Start of DATA PROVIDED

Lemma partial_extension_chain (F : set (set (V * X))) :
  (forall G, F G -> partial_extension (G `|` base_graph)) -> total_on F subset ->
  partial_extension (\bigcup_(G in F) G `|` base_graph).
Proof.
move=> FP Ftot; set U := _ `|` base_graph.
have sub G : F G -> G `|` base_graph `<=` U.
  by move=> FG p [Gp|bp]; [left; exists G|right].
have common a b : U a -> U b ->
    exists H, [/\ partial_extension H, H `<=` U, H a & H b].
  move=> [[G FG Ga]|ba] [[G' FG' G'b]|bb].
  - have [GG'|G'G] := Ftot G G' FG FG'.
    + by exists (G' `|` base_graph); split; [exact: FP|exact: sub|left; exact: GG'|left].
    + by exists (G `|` base_graph); split; [exact: FP|exact: sub|left|left; exact: G'G].
  - by exists (G `|` base_graph); split; [exact: FP|exact: sub|left|right].
  - by exists (G' `|` base_graph); split; [exact: FP|exact: sub|right|left].
  - exists base_graph; split=> //; [exact: partial_extension_base|by move=> ? ?; right].
split.
- move=> v x1 x2 U1 U2; have [H [[fH _ _] _ H1 H2]] := common _ _ U1 U2.
  exact: fH H1 H2.
- move=> v x w y U1 U2; have [H [[_ aH _] sH H1 H2]] := common _ _ U1 U2.
  exact/sH/aH.
- by move=> ? ?; right.
Qed.

Lemma additive_extension :
  exists g : V -> X, {morph g : x y / x + y} /\ forall w, g (i w) = f w.
Proof.
(* Zorn is applied to sets [G] with [G `|` base_graph] a partial extension,
   so that the empty chain has an upper bound. *)
have [G [PG maxG]] := Zorn_bigcup partial_extension_chain.
set H := G `|` base_graph in PG; have [fH aH gH] := PG.
have total v : exists x, H (v, x).
  apply: contrapT => nHv.
  have {}nHv x : ~ H (v, x) by move=> Hvx; apply: nHv; exists x.
  apply: (maxG (G `|` [set ux | H (ux.1 + v, ux.2)])).
    split; first exact: subsetUl.
    move=> /(_ (v, 0)) Gv0; apply: (nHv 0); left; apply: Gv0; right.
    by rewrite /= V2; exact: partial_extension00.
  by rewrite setUAC; exact: partial_extension_adjoin.
pose g v := projT1 (cid (total v)).
have Hg v : H (v, g v) := projT2 (cid (total v)).
exists g; split.
- by move=> v w; apply: (fH (v + w)); [exact: Hg|exact: aH].
- by move=> w; apply: (fH (i w)); [exact: Hg|apply: gH; exists w].
Qed.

End of DATA PROVIDED

# WHAT THE EXERCISE ASKS
An exact copy of all the records is the expected answer.

# WRITTEN ANSWER
Lemma partial_extension_chain (F : set (set (V * X))) :
  (forall G, F G -> partial_extension (G `|` base_graph)) -> total_on F subset ->
  partial_extension (\bigcup_(G in F) G `|` base_graph).
Proof.
move=> FP Ftot; set U := _ `|` base_graph.
have sub G : F G -> G `|` base_graph `<=` U.
  by move=> FG p [Gp|bp]; [left; exists G|right].
have common a b : U a -> U b ->
    exists H, [/\ partial_extension H, H `<=` U, H a & H b].
  move=> [[G FG Ga]|ba] [[G' FG' G'b]|bb].
  - have [GG'|G'G] := Ftot G G' FG FG'.
    + by exists (G' `|` base_graph); split; [exact: FP|exact: sub|left; exact: GG'|left].
    + by exists (G `|` base_graph); split; [exact: FP|exact: sub|left|left; exact: G'G].
  - by exists (G `|` base_graph); split; [exact: FP|exact: sub|left|right].
  - by exists (G' `|` base_graph); split; [exact: FP|exact: sub|right|left].
  - exists base_graph; split=> //; [exact: partial_extension_base|by move=> ? ?; right].
split.
- move=> v x1 x2 U1 U2; have [H [[fH _ _] _ H1 H2]] := common _ _ U1 U2.
  exact: fH H1 H2.
- move=> v x w y U1 U2; have [H [[_ aH _] sH H1 H2]] := common _ _ U1 U2.
  exact/sH/aH.
- by move=> ? ?; right.
Qed.

Lemma additive_extension :
  exists g : V -> X, {morph g : x y / x + y} /\ forall w, g (i w) = f w.
Proof.
(* Zorn is applied to sets [G] with [G `|` base_graph] a partial extension,
   so that the empty chain has an upper bound. *)
have [G [PG maxG]] := Zorn_bigcup partial_extension_chain.
set H := G `|` base_graph in PG; have [fH aH gH] := PG.
have total v : exists x, H (v, x).
  apply: contrapT => nHv.
  have {}nHv x : ~ H (v, x) by move=> Hvx; apply: nHv; exists x.
  apply: (maxG (G `|` [set ux | H (ux.1 + v, ux.2)])).
    split; first exact: subsetUl.
    move=> /(_ (v, 0)) Gv0; apply: (nHv 0); left; apply: Gv0; right.
    by rewrite /= V2; exact: partial_extension00.
  by rewrite setUAC; exact: partial_extension_adjoin.
pose g v := projT1 (cid (total v)).
have Hg v : H (v, g v) := projT2 (cid (total v)).
exists g; split.
- by move=> v w; apply: (fH (v + w)); [exact: Hg|exact: aH].
- by move=> w; apply: (fH (i w)); [exact: Hg|apply: gH; exists w].
Qed.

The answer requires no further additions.